Instructions for the task -> Somewhere below is a line with "Lemma sum_bin_bernoulli n : (1 < n)%N ->" and, later, a line with "Definition conv (a"; repeat those two lines and all the lines between them, exactly as they are.

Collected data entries

-=-=-=-=-

(* Let $p_1,p_2$ be non-negative integers with $p_1+p_2$ odd. Then $$\sum_{j_1=0}^{p_1}\sum_{j_2=0}^{p_2}\binom{p_1}{j_1}\binom{p_2}{j_2}(-1)^{j_1+j_2}B_{p_1-j_1}B_{p_2-j_2}B_{j_1+j_2}=0,$$ where $B_j$ are the Bernoulli numbers.
   Context: The Bernoulli numbers $B_j$ are defined by $\frac{t}{e^t-1}=\sum_{j\ge0}B_j\frac{t^j}{j!}$ (so $B_1=-1/2$). *)

From mathcomp Require Import all_boot all_order all_algebra.
Set Implicit Arguments. Unset Strict Implicit. Unset Printing Implicit Defensive.
Import Order.TTheory GRing.Theory Num.Theory.
Local Open Scope ring_scope.

(* Bernoulli numbers (rational), convention B_1 = -1/2, i.e. the
   coefficients of t/(e^t - 1) = sum_j B_j t^j / j!.  Comparing coefficients
   of t^(n+1) in (e^t - 1) * sum_j B_j t^j/j! = t gives B_0 = 1 and, for n >= 1,
   sum_{k=0}^{n} C(n+1,k) B_k = 0, i.e.
   B_n = - 1/(n+1) * sum_{k<n} C(n+1,k) B_k.
   bern_seq n is the list [B_0; ...; B_n]. *)
Fixpoint bern_seq (n : nat) : seq rat :=
  match n with
  | 0 => [:: 1]
  | m.+1 =>
      let s := bern_seq m in
      rcons s (- (m.+2%:R)^-1 * \sum_(k < m.+1) ('C(m.+2, k))%:R * s`_k)
  end.

Definition bernoulli (n : nat) : rat := (bern_seq n)`_n.

Lemma bernoulli0 : bernoulli 0 = 1. Proof. by []. Qed.

From mathcomp Require Import all_boot all_order all_algebra.
From mathcomp Require Import ring lra zify.
Import GRing.Theory Num.Theory.
Local Open Scope ring_scope.

(* Let beta(t) = t/(e^t - 1) = sum_n B_n t^n/n!.  The sum is p1! p2! times the
   coefficient of x^p1 y^p2 in G(x, y) = beta(x) beta(y) beta(-x-y).  Applying
   beta(-t) = e^t beta(t) at t = x, y, x + y and using e^(x+y) = e^x e^y gives
   G(-x, -y) = G(x, y), so the coefficients of odd total degree vanish.  Power
   series are handled as polynomials, equalities holding modulo all monomials
   of (total) degree at least N. *)

Lemma size_bern_seq n : size (bern_seq n) = n.+1.
Proof. by elim: n => //= n IH; rewrite size_rcons IH. Qed.

Lemma nth_bern_seq n k : (k <= n)%N -> (bern_seq n)`_k = bernoulli k.
Proof.
elim: n k => [|n IH] k hk; first by move: hk; rewrite leqn0 => /eqP->.
rewrite /= nth_rcons size_bern_seq.
case: ltnP => hkn; first by rewrite IH.
have -> : k = n.+1 by apply/eqP; rewrite eqn_leq hk hkn.
by rewrite eqxx /bernoulli /= nth_rcons size_bern_seq ltnn eqxx.
Qed.

Lemma bernoulliS n : bernoulli n.+1 =
  - (n.+2%:R)^-1 * \sum_(k < n.+1) 'C(n.+2, k)%:R * bernoulli k.
Proof.
rewrite /bernoulli [bern_seq n.+1]/= nth_rcons size_bern_seq ltnn eqxx.
congr (_ * _); apply: eq_bigr => k _.
by rewrite -/(bernoulli k) nth_bern_seq // -ltnS.
Qed.

Lemma sum_bin_bernoulli n : (1 < n)%N ->
  \sum_(k < n) 'C(n, k)%:R * bernoulli k = 0.
Proof.
case: n => [|[|n]] // _; rewrite big_ord_recr /= binSn bernoulliS.
have n2_neq0 : n.+2%:R != 0 :> rat by rewrite pnatr_eq0.
by rewrite mulNr mulrN mulrA mulrV // mul1r subrr.
Qed.

Lemma fact_neq0 n : n`!%:R != 0 :> rat.
Proof. by rewrite pnatr_eq0 -lt0n fact_gt0. Qed.

Lemma bin_invfact n k : (k <= n)%N ->
  (k`!%:R)^-1 * ((n - k)`!%:R)^-1 = 'C(n, k)%:R / n`!%:R :> rat.
Proof.
move=> hk; rewrite -(bin_fact hk) !natrM.
have := fact_neq0 k; have := fact_neq0 (n - k); have : 'C(n, k)%:R != 0 :> rat.
  by rewrite pnatr_eq0 -lt0n bin_gt0.
move: ('C(n, k)%:R) (k`!%:R) ((n - k)`!%:R) => c a b hc hb ha.
by field; rewrite hc ha hb.
Qed.

Definition conv (a b : nat -> rat) n := \sum_(k < n.+1) a k * b (n - k)%N.

Definition signed (a : nat -> rat) n := (-1) ^+ n * a n.

Definition bern_egf n := bernoulli n / n`!%:R.
Definition exp_egf n : rat := (n`!%:R)^-1.
(* Coefficients of (e^t - 1) / t. *)
Definition expm1_div_egf n : rat := (n.+1`!%:R)^-1.

Lemma conv_signed a b n : conv (signed a) (signed b) n = signed (conv a b) n.
Proof.
rewrite /signed /conv mulr_sumr; apply: eq_bigr => k _.
have hk : (k <= n)%N by rewrite -ltnS.
have -> : (-1) ^+ n = (-1) ^+ k * (-1) ^+ (n - k) :> rat by rewrite -exprD subnKC.
by ring.
Qed.

Lemma conv_bern_expm1 n : conv bern_egf expm1_div_egf n = (n == 0)%:R.
Proof.
case: n => [|n].
  by rewrite /conv big_ord1 /bern_egf /expm1_div_egf bernoulli0 /= !invr1 !mulr1.
rewrite -[RHS](mulr0 (n.+2`!%:R)^-1) -(@sum_bin_bernoulli n.+2) // mulr_sumr.
apply: eq_bigr => k _; have hk : (k <= n.+2)%N by apply: ltnW.
rewrite /bern_egf /expm1_div_egf -subSn; last by rewrite -ltnS.
rewrite -mulrA bin_invfact //.
by ring.
Qed.

Lemma sum_sign_bin n : \sum_(k < n.+1) (-1) ^+ (n - k) * 'C(n.+1, k)%:R = 1 :> rat.
Proof.
have : ((-1) + 1) ^+ n.+1 = 0 :> rat by rewrite addNr expr0n.
rewrite exprDn big_ord_recr /= subnn binn expr0 mul1r expr1n mulr1n.
move=> /eqP; rewrite addr_eq0 => /eqP alt.
rewrite -[RHS]opprK -[in RHS]alt -sumrN; apply: eq_bigr => k _.
have hk : (k <= n)%N by rewrite -ltnS.
by rewrite expr1n mulr1 -mulr_natr subSn // exprS; ring.
Qed.

Lemma conv_exp_expm1 n :
  conv exp_egf (signed expm1_div_egf) n = expm1_div_egf n.
Proof.
rewrite -[RHS]mulr1 -(sum_sign_bin n) mulr_sumr; apply: eq_bigr => k _.
have hk : (k <= n.+1)%N by apply: ltnW.
rewrite /exp_egf /signed /expm1_div_egf -subSn; last by rewrite -ltnS.
by rewrite mulrCA bin_invfact //; ring.
Qed.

-=-=-=-=-

Answer to this problem ->
Lemma sum_bin_bernoulli n : (1 < n)%N ->
  \sum_(k < n) 'C(n, k)%:R * bernoulli k = 0.
Proof.
case: n => [|[|n]] // _; rewrite big_ord_recr /= binSn bernoulliS.
have n2_neq0 : n.+2%:R != 0 :> rat by rewrite pnatr_eq0.
by rewrite mulNr mulrN mulrA mulrV // mul1r subrr.
Qed.

Lemma fact_neq0 n : n`!%:R != 0 :> rat.
Proof. by rewrite pnatr_eq0 -lt0n fact_gt0. Qed.

Lemma bin_invfact n k : (k <= n)%N ->
  (k`!%:R)^-1 * ((n - k)`!%:R)^-1 = 'C(n, k)%:R / n`!%:R :> rat.
Proof.
move=> hk; rewrite -(bin_fact hk) !natrM.
have := fact_neq0 k; have := fact_neq0 (n - k); have : 'C(n, k)%:R != 0 :> rat.
  by rewrite pnatr_eq0 -lt0n bin_gt0.
move: ('C(n, k)%:R) (k`!%:R) ((n - k)`!%:R) => c a b hc hb ha.
by field; rewrite hc ha hb.
Qed.

Definition conv (a b : nat -> rat) n := \sum_(k < n.+1) a k * b (n - k)%N.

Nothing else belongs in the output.